Written by and published on https://homeguides.sfgate.com/.

If you’re building a new home or adding a new garage, a key factor to consider is the size of the garage door. While there are a couple of standard garage door sizes, the ever-expanding world of custom homebuilding and designing a garage that accommodates large SUVs, boats, trucks, RVs and motorcycles gives homeowners additional options.

Double or Not to Double

You’ve probably seen many garages split into two pieces. This leaves two smaller doors on either side, with a vertical beam in the middle separating them. This might be aesthetically pleasing, but the inconvenience of having a post in the middle of the garage door is one thing to consider. It does divide the garage into 2 sections, typically 8 feet wide, but that’s easy enough to accomplish by driving vehicles into the garage on the left and right side through a single, wider door. You don’t need the extra post in the middle. In addition, you need two garage door openers at twice the cost for a double-door setup. A single door, 16 feet wide, that opens the garage is more efficient. In a pinch, even a door 14 feet wide will suffice. It increases the room and the versatility of the garage to include wider vehicles such as recreational vehicles and trucks with wide mirrors. This type of door requires that you plan for it before the framing begins.

Short or Tall

Standard height for garage doors is typically 7 feet. This works fine for most cars, but if you’ve got a rack on top of your vehicle that might not be enough head room. Some trucks have racks that will not fit under a standard garage door. Lots of recreational vehicles won’t fit. Raise the height to 8 or 9 feet and chances are that you’ll never need to worry about it. The height should be planned before framing to allow for the extra headroom, but depending on the design of your garage, it might be possible to gain an extra 12 inches in height with a little remodeling. There are options for shorter doors as well. Some manufacturers make doors as short as 6 feet tall for golf carts or other smaller vehicles such as four-wheeler recreational machines. One other option involves aesthetics. If the door has an arch at the top, provisions need to be made to accommodate it depending on the degree.

Standard Width Doors

Standard, single car garage door widths start at 8 feet for single car garages, and move up in 12-inch increments to 10 feet wide. Double car garage doors typically start at 12 feet wide, and move up in 24-inch increments to 18 feet wide. Doors that are 20 feet wide or bigger are available, but might need to be ordered ahead of time. If you’re not sure what door you need for the opening, measure the width and height, and the manufacturer will make sure to provide the right door. If the door is an odd size, it might be beneficial to alter or change the framing on the garage instead of ordering a custom door, which can be expensive.

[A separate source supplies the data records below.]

(* Let $k\ge2$ be an integer and, for a positive integer $A$, let $f^\infty_A$ be the infinite word $(\mathsf{1}^A\mathsf{2}^A\cdots\mathsf{k}^A)(\mathsf{1}^A\mathsf{2}^A\cdots\mathsf{k}^A)\cdots$ over $[k]$. Let $A,B$ be positive integers with $kA\le B$, and let $s=(w_1',w_2')$ be a (finite) common subsequence between $f^\infty_A$ and $f^\infty_B$. Then \[\operatorname{span} s\ \ge\ \left(k+1-\frac{kA}{B}\right)\operatorname{len} s-2(A+B).\]
   Context: $\alpha^A$ denotes the letter $\alpha$ repeated $A$ times. Symbols in words are treated as distinguishable positions. A common subsequence of words $w_1,w_2$ is a pair $s=(w_1',w_2')$ of subsequences of $w_1$ and $w_2$ respectively that are equal as words; $\operatorname{len} s$ is their common length. The span $\operatorname{span}_w w'$ of a subsequence $w'$ of $w$ is the length of the shortest block of consecutive symbols of $w$ containing $w'$, and $\operatorname{span} s=\operatorname{span}_{w_1}w_1'+\operatorname{span}_{w_2}w_2'$. *)

From mathcomp Require Import all_boot all_order all_algebra.
Set Implicit Arguments. Unset Strict Implicit. Unset Printing Implicit Defensive.

(* Letter at position i (0-indexed) of the infinite word
   f^oo_A = (1^A 2^A ... k^A)(1^A 2^A ... k^A)... over [k] = {1,...,k}. *)
Definition fword (k A i : nat) : nat := (i %/ A) %% k + 1.

(* A finite subsequence of an infinite word is given by its (strictly
   increasing) list of positions. *)
Definition spanw (s : seq nat) : nat :=
  if s is x :: _ then last x s - x + 1 else 0.

Definition common_subseq (k A B : nat) (s1 s2 : seq nat) : Prop :=
  [/\ sorted ltn s1, sorted ltn s2, size s1 = size s2 &
      forall i, i < size s1 -> fword k A (nth 0 s1 i) = fword k B (nth 0 s2 i)].

(* Attach to a pair of positions (x, y) of f_A and f_B the potential
     B (A floor(x/A) + k (x mod A)) + B^2 floor(y/B) + (B - kA) (y mod B).
   Between consecutive matched pairs it grows by at least (k+1)B - kA: if y
   stays in its B-block, it gains B - kA while x moves to a position whose
   A-block is congruent mod k, gaining kB; if y enters a later B-block, the
   gain B^2 pays for any loss on x.  The potential stays within
   B(k-1)(A-1) + kA(B-1) of B (x + y), which turns this growth into the
   span bound. *)

From mathcomp Require Import all_boot all_order all_algebra zify ring lra.
Import Order.TTheory GRing.Theory Num.Theory.

Set Implicit Arguments.
Unset Strict Implicit.
Unset Printing Implicit Defensive.

Lemma head_leq_last x s : path ltn x s -> x <= last x s.
Proof.
move=> /(order_path_min ltn_trans)/allP x_min.
by case/predU1P: (mem_last x s) => [-> // | /x_min/ltnW].
Qed.

Definition weighted_pos (a c A x : nat) : nat := a * (x %/ A) + c * (x %% A).

Section WeightedPos.
Variables a c A : nat.
Hypothesis A_gt0 : 0 < A.

Lemma weighted_pos_le x : weighted_pos a c A x <= a * (x %/ A) + c * (A - 1).
Proof.
rewrite leq_add2l leq_mul2l; apply/orP; right.
by have := ltn_pmod x A_gt0; lia.
Qed.

Lemma weighted_pos_same_block x x' :
  x %/ A = x' %/ A -> x < x' -> weighted_pos a c A x + c <= weighted_pos a c A x'.
Proof.
rewrite /weighted_pos => eq_q lt_xx'; rewrite eq_q -addnA leq_add2l -mulnSr leq_mul2l.
by have := divn_eq x A; have := divn_eq x' A; rewrite eq_q; lia.
Qed.

Lemma weighted_pos_block_shift m x x' : x %/ A + m <= x' %/ A ->
  weighted_pos a c A x + a * m <= weighted_pos a c A x' + c * (A - 1).
Proof.
move=> le_q; have := weighted_pos_le x; rewrite /weighted_pos.
have : a * (x %/ A + m) <= a * (x' %/ A) by rewrite leq_mul2l le_q orbT.
lia.
Qed.

End WeightedPos.

Lemma eqn_mod_ltn_leq_add k q q' : q < q' -> q = q' %[mod k] -> q + k <= q'.
Proof.
move=> lt_qq' /eqP; rewrite eq_sym eqn_mod_dvd ?(ltnW lt_qq') // => /dvdn_leq.
by rewrite subn_gt0 lt_qq' => /(_ isT); lia.
Qed.

Lemma fword_eq_mod k A B x y :
  fword k A x = fword k B y -> x %/ A = y %/ B %[mod k].
Proof. exact: addIn. Qed.

Lemma span_slack k A B : 0 < k -> 0 < A -> 0 < B -> k * A <= B ->
  (k + 1) * B - k * A + B * ((k - 1) * (A - 1)) + k * A * (B - 1)
    <= 2 * B + 2 * B * (A + B).
Proof.
move=> k_gt0 A_gt0 B_gt0 kA_leB.
have : k * A <= (k + 1) * B by apply: leq_trans kA_leB _; rewrite leq_pmull ?addn1.
move/subnK; move: ((k + 1) * B - k * A) => g.
have : k * A * B <= B * B by rewrite leq_mul2r kA_leB orbT.
case: k k_gt0 kA_leB => // k _; case: A A_gt0 => // A _; case: B B_gt0 => // B _.
by rewrite !subSS !subn0; nia.
Qed.

Definition potential (k A B x y : nat) : nat :=
  B * weighted_pos A k A x + weighted_pos (B * B) (B - k * A) B y.

Section Potential.
Variables (k A B : nat).
Hypotheses (A_gt0 : 0 < A) (B_gt0 : 0 < B) (kA_leB : k * A <= B).

Lemma potential_step x y x' y' : x < x' -> y < y' ->
  fword k A x = fword k B y -> fword k A x' = fword k B y' ->
  potential k A B x y + ((k + 1) * B - k * A) <= potential k A B x' y'.
Proof.
move=> lt_xx' lt_yy' /fword_eq_mod eq_xy /fword_eq_mod eq_xy'.
have le_q : x %/ A <= x' %/ A by apply: leq_div2r; exact: ltnW.
have le_Q : y %/ B <= y' %/ B by apply: leq_div2r; exact: ltnW.
rewrite /potential; move: le_Q; rewrite leq_eqVlt => /predU1P[eq_Q | lt_Q].
  have y_step := weighted_pos_same_block (B * B) (B - k * A) B_gt0 eq_Q lt_yy'.
  have x_step : weighted_pos A k A x + k <= weighted_pos A k A x'.
    move: le_q; rewrite leq_eqVlt => /predU1P[eq_q | lt_q].
      exact: weighted_pos_same_block.
    have : x %/ A + k <= x' %/ A.
      by apply: eqn_mod_ltn_leq_add; rewrite // eq_xy eq_Q -eq_xy'.
    move/(weighted_pos_block_shift A k A_gt0).
    have -> : A * k = k * (A - 1) + k by rewrite mulnBr muln1 subnK ?leq_pmulr // mulnC.
    by rewrite addnCA [_ + k * (A - 1)]addnC leq_add2l.
  rewrite mulnDl mul1n -addnBA // addnACA [k * B]mulnC -mulnDr.
  by apply: leq_add; rewrite // leq_mul2l x_step orbT.
have /(weighted_pos_block_shift A k A_gt0) x_step : x %/ A + 0 <= x' %/ A.
  by rewrite addn0.
have /(weighted_pos_block_shift (B * B) (B - k * A) B_gt0) y_step :
  y %/ B + 1 <= y' %/ B by rewrite addn1.
rewrite muln0 addn0 in x_step; rewrite muln1 in y_step.
have x_stepB : B * weighted_pos A k A x <= B * weighted_pos A k A x' + B * (k * (A - 1)).
  by rewrite -mulnDr leq_mul2l x_step orbT.
have balance : B * (k * (A - 1)) + (B - k * A) * (B - 1) + ((k + 1) * B - k * A)
    = B * B.
  clear -kA_leB A_gt0 B_gt0.
  by have := subnKC kA_leB; move: (B - k * A) => D; nia.
move: x_stepB y_step balance.
move: (B * weighted_pos A k A x) (B * weighted_pos A k A x') => u u'.
move: (weighted_pos _ _ B y) (weighted_pos _ _ B y') => v v'.
move: (B * (k * (A - 1))) ((B - k * A) * (B - 1)) ((k + 1) * B - k * A) (B * B).
by clear eq_xy eq_xy' le_q lt_Q x_step; lia.
Qed.

Lemma potential_eq x y :
  potential k A B x y + k * A * (y %% B) + B * (x %% A)
    = B * (x + y) + B * (k * (x %% A)).
Proof.
rewrite /potential /weighted_pos; move: (divn_eq x A) (divn_eq y B).
move: (x %/ A) (x %% A) (y %/ B) (y %% B) => q r Q R -> ->.
have := subnKC kA_leB; move: (B - k * A) => D <-.
ring.
Qed.

Lemma potential_le x y :
  potential k A B x y <= B * (x + y) + B * ((k - 1) * (A - 1)).
Proof.
have r_bound : k * (x %% A) <= x %% A + (k - 1) * (A - 1).
  by have := ltn_pmod x A_gt0; move: (x %% A) => r; clear; nia.
have : B * (k * (x %% A)) <= B * (x %% A + (k - 1) * (A - 1)).
  by rewrite leq_mul2l r_bound orbT.
rewrite mulnDr; have := potential_eq x y.
move: (potential k A B x y) (B * (k * (x %% A))) (B * (x %% A)) => P u v.
by move: (k * A * (y %% B)) (B * (x + y)) (B * ((k - 1) * (A - 1))); lia.
Qed.

Lemma potential_ge x y : 0 < k ->
  B * (x + y) <= potential k A B x y + k * A * (B - 1).
Proof.
move=> k_gt0; have : B * (x %% A) <= B * (k * (x %% A)).
  by rewrite leq_mul2l leq_pmull ?orbT.
have : k * A * (y %% B) <= k * A * (B - 1).
  by rewrite leq_mul2l; have := ltn_pmod y B_gt0; lia.
have := potential_eq x y.
move: (potential k A B x y) (B * (k * (x %% A))) (B * (x %% A)) => P u v.
by move: (k * A * (y %% B)) (B * (x + y)); lia.
Qed.

Lemma common_subseq_behead x0 y0 xs ys :
  common_subseq k A B (x0 :: xs) (y0 :: ys) -> common_subseq k A B xs ys.
Proof.
case=> /path_sorted sorted_xs /path_sorted sorted_ys /succn_inj eq_size letters.
by split=> // i lt_i; exact: (letters i.+1).
Qed.

Lemma potential_last x0 y0 xs ys :
  common_subseq k A B (x0 :: xs) (y0 :: ys) ->
  potential k A B x0 y0 + size xs * ((k + 1) * B - k * A)
    <= potential k A B (last x0 xs) (last y0 ys).
Proof.
elim: xs ys x0 y0 => [|x1 xs IH] [|y1 ys] x0 y0 cs; first by rewrite addn0.
- by case: cs.
- by case: cs.
have /= chain := IH _ _ _ (common_subseq_behead cs).
case: cs => /= /andP[lt_x _] /andP[lt_y _] _ letters.
have step := potential_step lt_x lt_y (letters 0 isT) (letters 1 isT).
by rewrite mulSn addnA (leq_trans _ chain) ?leq_add2r.
Qed.

Lemma common_subseq_span s1 s2 : 0 < k -> common_subseq k A B s1 s2 ->
  size s1 * ((k + 1) * B - k * A) <= B * (spanw s1 + spanw s2) + 2 * B * (A + B).
Proof.
move=> k_gt0; case: s1 s2 => [|x0 xs] [|y0 ys] cs; [by [] | by case: cs | by case: cs |].
have chain := potential_last cs.
have ub := potential_le (last x0 xs) (last y0 ys).
have lb := potential_ge x0 y0 k_gt0.
have span_eq : B * (spanw (x0 :: xs) + spanw (y0 :: ys)) + B * (x0 + y0)
    = B * (last x0 xs + last y0 ys) + 2 * B.
  case: cs => /head_leq_last le_x /head_leq_last le_y _ _.
  by rewrite /spanw /= -mulnDr [2 * B]mulnC -mulnDr; congr (B * _); lia.
have slack := span_slack k_gt0 A_gt0 B_gt0 kA_leB.
rewrite [size _]/= mulSn; move: chain ub lb span_eq slack.
move: (potential k A B x0 y0) (potential k A B (last x0 xs) (last y0 ys)).
move: (B * (spanw _ + spanw _)) (B * (x0 + y0)) (B * (last x0 xs + last y0 ys)).
move: (size xs * ((k + 1) * B - k * A)) ((k + 1) * B - k * A).
move: (B * ((k - 1) * (A - 1))).
move: (k * A * (B - 1)) (2 * B * (A + B)).
by clear cs; lia.
Qed.

End Potential.

Local Open Scope ring_scope.

Theorem lemma3p3 (k A B : nat) (s1 s2 : seq nat) :
  (2 <= k)%N -> (0 < A)%N -> (0 < B)%N -> (k * A <= B)%N ->
  common_subseq k A B s1 s2 ->
  ((k + 1)%:R - (k * A)%:R / B%:R) * (size s1)%:R - 2%:R * (A + B)%:R
    <= (spanw s1 + spanw s2)%:R :> rat.
Proof.
move=> k_ge2 A_gt0 B_gt0 kA_leB cs.
have := common_subseq_span A_gt0 B_gt0 kA_leB (ltnW k_ge2) cs.
have kA_le : (k * A <= (k + 1) * B)%N.
  by apply: leq_trans kA_leB _; rewrite leq_pmull ?addn1.
rewrite -(ler_nat rat) natrD !natrM natrB // !natrM => span_bound.
have B_neq0 : B%:R != 0 :> rat by rewrite pnatr_eq0 -lt0n.
rewrite -(ler_pM2r (_ : 0 < B%:R :> rat)) ?ltr0n // mulrBl.
have -> : ((k + 1)%:R - k%:R * A%:R / B%:R) * (size s1)%:R * B%:R
    = (size s1)%:R * ((k + 1)%:R * B%:R - k%:R * A%:R) :> rat by field.
move: span_bound; rewrite !natrD; lra.
Qed.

Thickness and Affordability

It might not seem relevant, but the thickness of the door can be vital. Steel garage door panels can be as thin as about 1/8 inch. This type of door has horizontal panels just like any other garage door, but the panels are stamped out of thin metal. This is the most economical of all the garage doors but offers almost no insulation. Insulated doors are a bit thicker, with a 1/4 or 1/2-inch-thick piece of foam insulation on the inside of the steel panels. The thickest and best insulated garage doors have two panels with 1 or 1 1/2-inch-thick foam between them. It’s always best to go with more insulation, but if your garage is not used for anything but storage, the most economical door might be the way to go.